Yep, I'll revert. The fix is pretty simple but I'll revert and recommit the patch with all the fixes again

ABataev reopened this revision.Aug 24 2021, 9:23 AM
This revision is now accepted and ready to land.Aug 24 2021, 9:23 AM
ABataev planned changes to this revision.Aug 24 2021, 9:23 AM
ABataev updated this revision to Diff 368371.Aug 24 2021, 9:24 AM

Reworked significantly patch + rebase.

This revision is now accepted and ready to land.Aug 24 2021, 9:24 AM
RKSimon accepted this revision.Aug 25 2021, 10:17 AM

LGTM with a few minors

llvm/lib/Transforms/Vectorize/SLPVectorizer.cpp
540

Why didn't you move these up here instead of forward declaring?

1585

This std::equal + pragma is repeated a lot in this method - worth pulling out?

3429

Indices?

ABataev added inline comments.Aug 25 2021, 10:22 AM
llvm/lib/Transforms/Vectorize/SLPVectorizer.cpp
540

Just to reduce the number of changes, will move the functions here.

1585

Ok, will try to transform it into a lambda or something similar.

3429

Yep, will fix it, thanks!

This revision was automatically updated to reflect the committed changes.

I'm seeing another crash bisected to this reland:

./build/rel/bin/opt -passes='default<Os>' -disable-output /tmp/a.ll

Instruction does not dominate all uses!

I'm seeing another crash bisected to this reland:

./build/rel/bin/opt -passes='default<Os>' -disable-output /tmp/a.ll

Instruction does not dominate all uses!

Ok, thanks for the reproducer.

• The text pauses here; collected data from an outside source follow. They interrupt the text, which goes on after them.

(* For every CEA $\mathcal{A}$ and every $\mathrm{SEL}\in\{\mathrm{STRICT},\mathrm{NEXT},\mathrm{LAST},\mathrm{MAX}\}$ there is a CEA $\mathcal{A}_{\mathrm{SEL}}$ such that $[\![\mathcal{A}_{\mathrm{SEL}}]\!](S)=[\![\mathrm{SEL}(\mathcal{A})]\!](S)$ for every stream $S$. Moreover, $\mathcal{A}_{\mathrm{STRICT}}$ has at most twice as many states and transitions as $\mathcal{A}$, and $\mathcal{A}_{\mathrm{NEXT}},\mathcal{A}_{\mathrm{LAST}},\mathcal{A}_{\mathrm{MAX}}$ have size at most exponential in $|\mathcal{A}|$.
   Context: Fix a schema $\mathcal{R}$ and let $\mathrm{tuples}(\mathcal{R})$ be the set of all its tuples. A stream is an infinite sequence $S=t_0t_1\ldots$ of tuples. A complex event is a non-empty finite subset of $\mathbb{N}$. Fix a set $\mathbf{U}$ of unary predicates (subsets of $\mathrm{tuples}(\mathcal{R})$), closed under union, intersection and complement, and containing $\mathrm{TRUE}=\mathrm{tuples}(\mathcal{R})$. A complex event automaton (CEA) is $\mathcal{A}=(Q,\Delta,I,F)$ with $Q$ a finite set of states, $I,F\subseteq Q$, and $\Delta\subseteq Q\times(\mathbf{U}\times\{\bullet,\circ\})\times Q$ finite. A run of $\mathcal{A}$ over $S$ reading $t_0\ldots t_n$ is $q_0\xrightarrow{P_0/m_0}q_1\cdots\xrightarrow{P_n/m_n}q_{n+1}$ with $q_0\in I$, $(q_i,(P_i,m_i),q_{i+1})\in\Delta$ and $t_i\in P_i$; accepting if $q_{n+1}\in F$. $\mathrm{match}(\rho)=\{i : m_i=\bullet\}$. $[\![\mathcal{A}]\!]_n(S)$ is the set of $\mathrm{match}(\rho)$ for accepting runs $\rho$ reading $t_0\ldots t_n$ with $n\in\mathrm{match}(\rho)$, and $[\![\mathcal{A}]\!](S)=\bigcup_n[\![\mathcal{A}]\!]_n(S)$. $|\mathcal{A}|=|Q|+|\Delta|$. Orders: $C_1\leq_{\mathrm{next}}C_2$ iff $C_1=C_2$ or $\min(C_1\triangle C_2)\in C_2$; $C_1\leq_{\mathrm{last}}C_2$ iff $C_1=C_2$ or $\max(C_1\triangle C_2)\in C_2$ ($\triangle$ = symmetric difference). Selection strategies: $C\in[\![\mathrm{STRICT}(\mathcal{A})]\!](S)$ iff $C\in[\![\mathcal{A}]\!](S)$ and $C$ is an interval $\{i,i+1,\dots,j\}$ of consecutive integers. $C\in[\![\mathrm{NEXT}(\mathcal{A})]\!](S)$ iff $C\in[\![\mathcal{A}]\!](S)$ and $C'\leq_{\mathrm{next}}C$ for every $C'\in[\![\mathcal{A}]\!](S)$ with $\max(C')=\max(C)$. $C\in[\![\mathrm{LAST}(\mathcal{A})]\!](S)$ iff $C\in[\![\mathcal{A}]\!](S)$ and $C'\leq_{\mathrm{last}}C$ for every $C'\in[\![\mathcal{A}]\!](S)$ with $\max(C')=\max(C)$. $C\in[\![\mathrm{MAX}(\mathcal{A})]\!](S)$ iff $C\in[\![\mathcal{A}]\!](S)$ and there is no $C'\in[\![\mathcal{A}]\!](S)$ with $\max(C')=\max(C)$ and $C\subsetneq C'$. *)

From Stdlib Require Import List.
From mathcomp Require Import all_boot.
Set Implicit Arguments. Unset Strict Implicit. Unset Printing Implicit Defensive.

(* Tuples of the schema: an arbitrary type [T]. *)

Definition pred_class_ok (T : Type) (U : (T -> bool) -> Prop) : Prop :=
  [/\ (forall p q, U p -> U q -> U (fun t => p t || q t)),
      (forall p q, U p -> U q -> U (fun t => p t && q t)),
      (forall p, U p -> U (fun t => ~~ p t)) &
      U (fun _ => true)].

(* A complex event automaton.  Marks: [true] = bullet (mark), [false] = circ.
   The finite transition set Delta is given as a duplicate-free list. *)
Record CEA (T : Type) := MkCEA {
  st : finType;
  delta : list (st * (T -> bool) * bool * st);
  init : {set st};
  fin : {set st} }.

Definition wf_cea (T : Type) (U : (T -> bool) -> Prop) (A : CEA T) : Prop :=
  NoDup (delta A) /\ forall q P m q', In (q, P, m, q') (delta A) -> U P.

Definition cea_size (T : Type) (A : CEA T) : nat := #|st A| + size (delta A).

Definition stream (T : Type) := nat -> T.

(* A complex event is represented by its characteristic function
   [C : nat -> bool]; the events produced below are automatically finite and
   non-empty. *)
Definition cevent := nat -> bool.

Going to revert the patch and investigate a crash.

alexfh added a subscriber: alexfh.Aug 30 2021, 3:20 AM

Some of our tests started failing after rG84cbd71c95923f9912512f3051c6ab548a99e016 (and previously after rGa28234e37af877b2b4a23c2091c27fa18c155f9a). Could you revert it again while we're working on a test case?

Some of our tests started failing after rG84cbd71c95923f9912512f3051c6ab548a99e016 (and previously after rGa28234e37af877b2b4a23c2091c27fa18c155f9a). Could you revert it again while we're working on a test case?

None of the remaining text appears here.